> Material for this exercise
(* Let $\Gamma$ be a Neumaier graph with parameters $(n,k,\lambda;a,c)$. If $\lambda=0$, then $c=2$, $a=1$, and $\Gamma$ is the complete bipartite graph $K_{k,k}$. Moreover, if $c=2$, then $a=1$, $\lambda=0$, and $\Gamma$ is the complete bipartite graph $K_{k,k}$.
   Context: All graphs are finite, simple, undirected and connected. A graph is edge-regular with parameters $(n,k,\lambda)$ if it has $n$ vertices, is $k$-regular, and any two adjacent vertices have exactly $\lambda$ common neighbours. A clique $C$ is a regular clique with nexus $a$ if every vertex not in $C$ has exactly $a$ neighbours in $C$. A Neumaier graph is a non-complete edge-regular graph containing a regular clique; in a Neumaier graph all regular cliques have the same size $c$ and the same nexus $a$, and the graph is said to have parameters $(n,k,\lambda;a,c)$ if it is edge-regular with parameters $(n,k,\lambda)$ and contains a regular clique of size $c$ with nexus $a$. *)

From mathcomp Require Import all_boot.
Set Implicit Arguments. Unset Strict Implicit. Unset Printing Implicit Defensive.

Definition simple_graph (T : finType) (e : rel T) : Prop :=
  symmetric e /\ irreflexive e.

Definition connected_graph (T : finType) (e : rel T) : Prop :=
  forall x y : T, connect e x y.

Definition complete_graph (T : finType) (e : rel T) : Prop :=
  forall x y : T, x != y -> e x y.

Definition nbhd (T : finType) (e : rel T) (x : T) : {set T} := [set y | e x y].

Definition edge_regular (T : finType) (e : rel T) (n k lambda : nat) : Prop :=
  #|T| = n /\
  (forall x : T, #|nbhd e x| = k) /\
  (forall x y : T, e x y -> #|nbhd e x :&: nbhd e y| = lambda).

Definition is_clique (T : finType) (e : rel T) (C : {set T}) : Prop :=
  0 < #|C| /\ {in C &, forall x y, x != y -> e x y}.

Definition regular_clique (T : finType) (e : rel T) (C : {set T}) (a : nat) : Prop :=
  is_clique e C /\ forall x : T, x \notin C -> #|nbhd e x :&: C| = a.

Definition neumaier_params (T : finType) (e : rel T) (n k lambda a c : nat) : Prop :=
  simple_graph e /\ connected_graph e /\ ~ complete_graph e /\
  edge_regular e n k lambda /\
  exists C : {set T}, regular_clique e C a /\ #|C| = c.

Definition is_K_kk (T : finType) (e : rel T) (k : nat) : Prop :=
  exists A : {set T}, #|A| = k /\ #|~: A| = k /\
    forall x y : T, e x y = ((x \in A) != (y \in A)).

(* A regular clique C with nexus a in a connected, non-complete, k-regular
   graph satisfies 0 < a < #|C|: nexus 0 would make C closed under adjacency,
   hence everything, and nexus #|C| would make every vertex of C adjacent to
   all other vertices, which by regularity forces the graph to be complete.
   If lambda = 0 the graph is triangle-free, so cliques have at most two
   vertices and c = 2, a = 1.  Conversely, when c = 2 and a = 1, a common
   neighbour of the edge C = {x, y} would have two neighbours in C, so
   lambda = 0; every vertex is adjacent to x or to y, and triangle-freeness
   plus regularity make N(y) and its complement N(x) the two sides of K_{k,k}. *)
From mathcomp Require Import all_boot.
From mathcomp Require Import zify.

Set Implicit Arguments.
Unset Strict Implicit.
Unset Printing Implicit Defensive.

Section SimpleGraph.

Variables (T : finType) (e : rel T) (k : nat).
Hypotheses (e_sym : symmetric e) (e_irr : irreflexive e).
Hypothesis e_regular : forall x, #|nbhd e x| = k.

Lemma in_nbhd x y : (y \in nbhd e x) = e x y.
Proof. by rewrite inE. Qed.

Lemma nbhd_sub_setC1 x : nbhd e x \subset [set~ x].
Proof. by apply/subsetP => y; rewrite !inE; apply: contraTneq => ->; rewrite e_irr. Qed.

Lemma regular_dominating_complete x : nbhd e x = [set~ x] -> complete_graph e.
Proof.
move=> Nx p q pq.
have Np : nbhd e p = [set~ p].
  by apply/eqP; rewrite eqEcard nbhd_sub_setC1 cardsC1 e_regular -(e_regular x) Nx cardsC1 leqnn.
by rewrite -[e p q]in_nbhd Np !inE eq_sym.
Qed.

Lemma exists_notin_clique {C : {set T}} :
  ~ complete_graph e -> is_clique e C -> exists z, z \notin C.
Proof.
move=> ncomp [_ Ccl]; case: (pickP [predC C]) => [z zC | allC]; first by exists z.
by case: ncomp => p q; apply: Ccl; apply/negbFE; apply: allC.
Qed.

Lemma regular_clique_nexus_lt_card (C : {set T}) a :
  ~ complete_graph e -> regular_clique e C a -> a < #|C|.
Proof.
move=> ncomp [/[dup] Cclique [C_gt0 Ccl] nexus]; have [x xC] := card_gt0P C_gt0.
have [z zC] := exists_notin_clique ncomp Cclique.
have a_le : a <= #|C| by rewrite -(nexus z zC) subset_leq_card ?subsetIr.
rewrite ltn_neqAle a_le andbT.
apply: contra_notN ncomp => /eqP full; apply: (regular_dominating_complete (x := x)).
apply/eqP; rewrite eqEsubset nbhd_sub_setC1; apply/subsetP => w; rewrite !inE => wx.
have [wC | wC] := boolP (w \in C); first by apply: Ccl; rewrite // eq_sym.
have CNw : C \subset nbhd e w.
  by apply/setIidPr/eqP; rewrite eqEcard subsetIr nexus // full leqnn.
by rewrite e_sym -[e w x]in_nbhd (subsetP CNw).
Qed.

Lemma regular_clique_nexus_gt0 (C : {set T}) a :
  connected_graph e -> ~ complete_graph e -> regular_clique e C a -> 0 < a.
Proof.
move=> conn ncomp [/[dup] Cclique [C_gt0 _] nexus]; have [x xC] := card_gt0P C_gt0.
have [z zC] := exists_notin_clique ncomp Cclique.
rewrite lt0n; apply/negP => /eqP a0.
have stay_in_C p q : e p q -> p \in C -> q \in C.
  move=> epq pC; apply: contraT => qC.
  have /eqP := nexus q qC; rewrite a0 cards_eq0 => /eqP/setP/(_ p).
  by rewrite !inE e_sym epq pC.
have C_closed : closed e C.
  by move=> p q epq; apply/idP/idP; apply: stay_in_C; rewrite // e_sym.
by have := closed_connect C_closed (conn x z); rewrite xC (negbTE zC).
Qed.

Lemma pair_regular_clique_cover x y a :
  x != y -> regular_clique e [set x; y] a -> 0 < a -> forall z, e x z || e y z.
Proof.
move=> xy [[_ Ccl] nexus] a_gt0 z.
have [zC | zC] := boolP (z \in [set x; y]).
  have exy : e x y by apply: Ccl; rewrite ?inE ?eqxx ?orbT.
  by move: zC; rewrite !inE => /orP [/eqP -> | /eqP ->]; rewrite ?exy // e_sym exy orbT.
move: a_gt0; rewrite -(nexus z zC) => /card_gt0P [t].
by rewrite !inE => /andP [ezt /orP [/eqP tx | /eqP ty]]; subst t; rewrite -!(e_sym z) ezt ?orbT.
Qed.

Lemma pair_regular_clique_nexus1_nbhdI x y :
  x != y -> regular_clique e [set x; y] 1 -> nbhd e x :&: nbhd e y = set0.
Proof.
move=> xy [_ nexus]; apply/setP => w; rewrite !inE; apply/negbTE/negP => /andP [exw eyw].
have wC : w \notin [set x; y].
  rewrite !inE; apply/norP; split.
    by apply: contraTneq exw => ->; rewrite e_irr.
  by apply: contraTneq eyw => ->; rewrite e_irr.
have := nexus w wC.
have -> : nbhd e w :&: [set x; y] = [set x; y].
  by apply/setIidPr/subsetP => t; rewrite !inE => /orP [/eqP -> | /eqP ->]; rewrite e_sym.
by rewrite cards2 xy.
Qed.

Section TriangleFree.

Hypothesis e_triangle_free : forall x y, e x y -> #|nbhd e x :&: nbhd e y| = 0.

Lemma nbhd_sub_setC {x y} : e x y -> nbhd e x \subset ~: nbhd e y.
Proof. by move=> exy; rewrite -disjoints_subset -setI_eq0 -cards_eq0 e_triangle_free. Qed.

Lemma triangle_free_clique_card_le2 (C : {set T}) : is_clique e C -> #|C| <= 2.
Proof.
move=> [C_gt0 Ccl]; have [x xC] := card_gt0P C_gt0.
rewrite (cardsD1 x) xC ltnS; apply/card_le1_eqP => y w.
rewrite !inE => /andP [yx yC] /andP [wx wC]; apply/eqP; apply: contraT => yw.
have exy : e x y by apply: Ccl; rewrite // eq_sym.
have exw : e x w by apply: Ccl; rewrite // eq_sym.
have eyw : e y w by apply: Ccl; rewrite // eq_sym.
by have := subsetP (nbhd_sub_setC exy) w; rewrite !inE exw eyw => /(_ isT).
Qed.

Lemma nbhd_eq_setC {x y} : e x y -> #|~: nbhd e y| = k -> nbhd e x = ~: nbhd e y.
Proof. by move=> exy Ny; apply/eqP; rewrite eqEcard nbhd_sub_setC // e_regular Ny leqnn. Qed.

Lemma triangle_free_K_kk x y :
  e x y -> (forall z, e x z || e y z) -> is_K_kk e k.
Proof.
move=> exy cover_xy.
have Nx : nbhd e x = ~: nbhd e y.
  apply/eqP; rewrite eqEsubset nbhd_sub_setC //; apply/subsetP => z.
  by rewrite !inE => /negbTE eyz; have := cover_xy z; rewrite eyz orbF.
have NyC : #|~: nbhd e y| = k by rewrite -Nx.
have NxC : #|~: nbhd e x| = k by rewrite Nx setCK.
exists (nbhd e y); split=> //; split=> // u v; rewrite -in_nbhd.
have [uNy | uNx] := boolP (u \in nbhd e y).
  have euy : e u y by rewrite e_sym -in_nbhd.
  by rewrite (nbhd_eq_setC euy) // inE; case: (v \in nbhd e y).
have eux : e u x by rewrite e_sym -in_nbhd Nx inE.
by rewrite (nbhd_eq_setC eux) // Nx setCK; case: (v \in nbhd e y).
Qed.

End TriangleFree.

End SimpleGraph.

Theorem lemma3p1 (T : finType) (e : rel T) (n k lambda a c : nat) :
  neumaier_params e n k lambda a c ->
  (lambda = 0 -> c = 2 /\ a = 1 /\ is_K_kk e k) /\
  (c = 2 -> a = 1 /\ lambda = 0 /\ is_K_kk e k).
Proof.
move=> [[e_sym e_irr] [conn [ncomp [[_ [e_reg e_lam]] [C [Creg cardC]]]]]].
have a_gt0 : 0 < a by apply: regular_clique_nexus_gt0 Creg.
have a_lt_c : a < c by rewrite -cardC; apply: regular_clique_nexus_lt_card Creg.
have pair_case : c = 2 -> a = 1 /\ lambda = 0 /\ is_K_kk e k.
  move=> c2; have a1 : a = 1 by lia.
  have /cards2P [x [y [xy CE]]] : #|C| == 2 by rewrite cardC c2.
  rewrite CE a1 in Creg.
  have exy : e x y by case: Creg => [[_ Ccl] _]; apply: Ccl; rewrite ?inE ?eqxx ?orbT.
  have lam0 : lambda = 0.
    by rewrite -(e_lam x y exy) (pair_regular_clique_nexus1_nbhdI e_sym e_irr xy Creg) cards0.
  split=> //; split=> //; apply: (triangle_free_K_kk e_sym e_reg _ exy).
    by move=> u v euv; rewrite e_lam.
  exact: (pair_regular_clique_cover e_sym xy Creg).
split=> [lam0 | //]; have c_le2 : c <= 2.
  rewrite -cardC; apply: triangle_free_clique_card_le2 Creg.1.
  by move=> u v euv; rewrite e_lam.
have c2 : c = 2 by lia.
by have [a1 [_ Kkk]] := pair_case c2.
Qed.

> What you are asked to do
From the first line of the records above to the line that contains "forall x y : T, connect e x y.", quote each line exactly.

> Result for this task
(* Let $\Gamma$ be a Neumaier graph with parameters $(n,k,\lambda;a,c)$. If $\lambda=0$, then $c=2$, $a=1$, and $\Gamma$ is the complete bipartite graph $K_{k,k}$. Moreover, if $c=2$, then $a=1$, $\lambda=0$, and $\Gamma$ is the complete bipartite graph $K_{k,k}$.
   Context: All graphs are finite, simple, undirected and connected. A graph is edge-regular with parameters $(n,k,\lambda)$ if it has $n$ vertices, is $k$-regular, and any two adjacent vertices have exactly $\lambda$ common neighbours. A clique $C$ is a regular clique with nexus $a$ if every vertex not in $C$ has exactly $a$ neighbours in $C$. A Neumaier graph is a non-complete edge-regular graph containing a regular clique; in a Neumaier graph all regular cliques have the same size $c$ and the same nexus $a$, and the graph is said to have parameters $(n,k,\lambda;a,c)$ if it is edge-regular with parameters $(n,k,\lambda)$ and contains a regular clique of size $c$ with nexus $a$. *)

From mathcomp Require Import all_boot.
Set Implicit Arguments. Unset Strict Implicit. Unset Printing Implicit Defensive.

Definition simple_graph (T : finType) (e : rel T) : Prop :=
  symmetric e /\ irreflexive e.

Definition connected_graph (T : finType) (e : rel T) : Prop :=
  forall x y : T, connect e x y.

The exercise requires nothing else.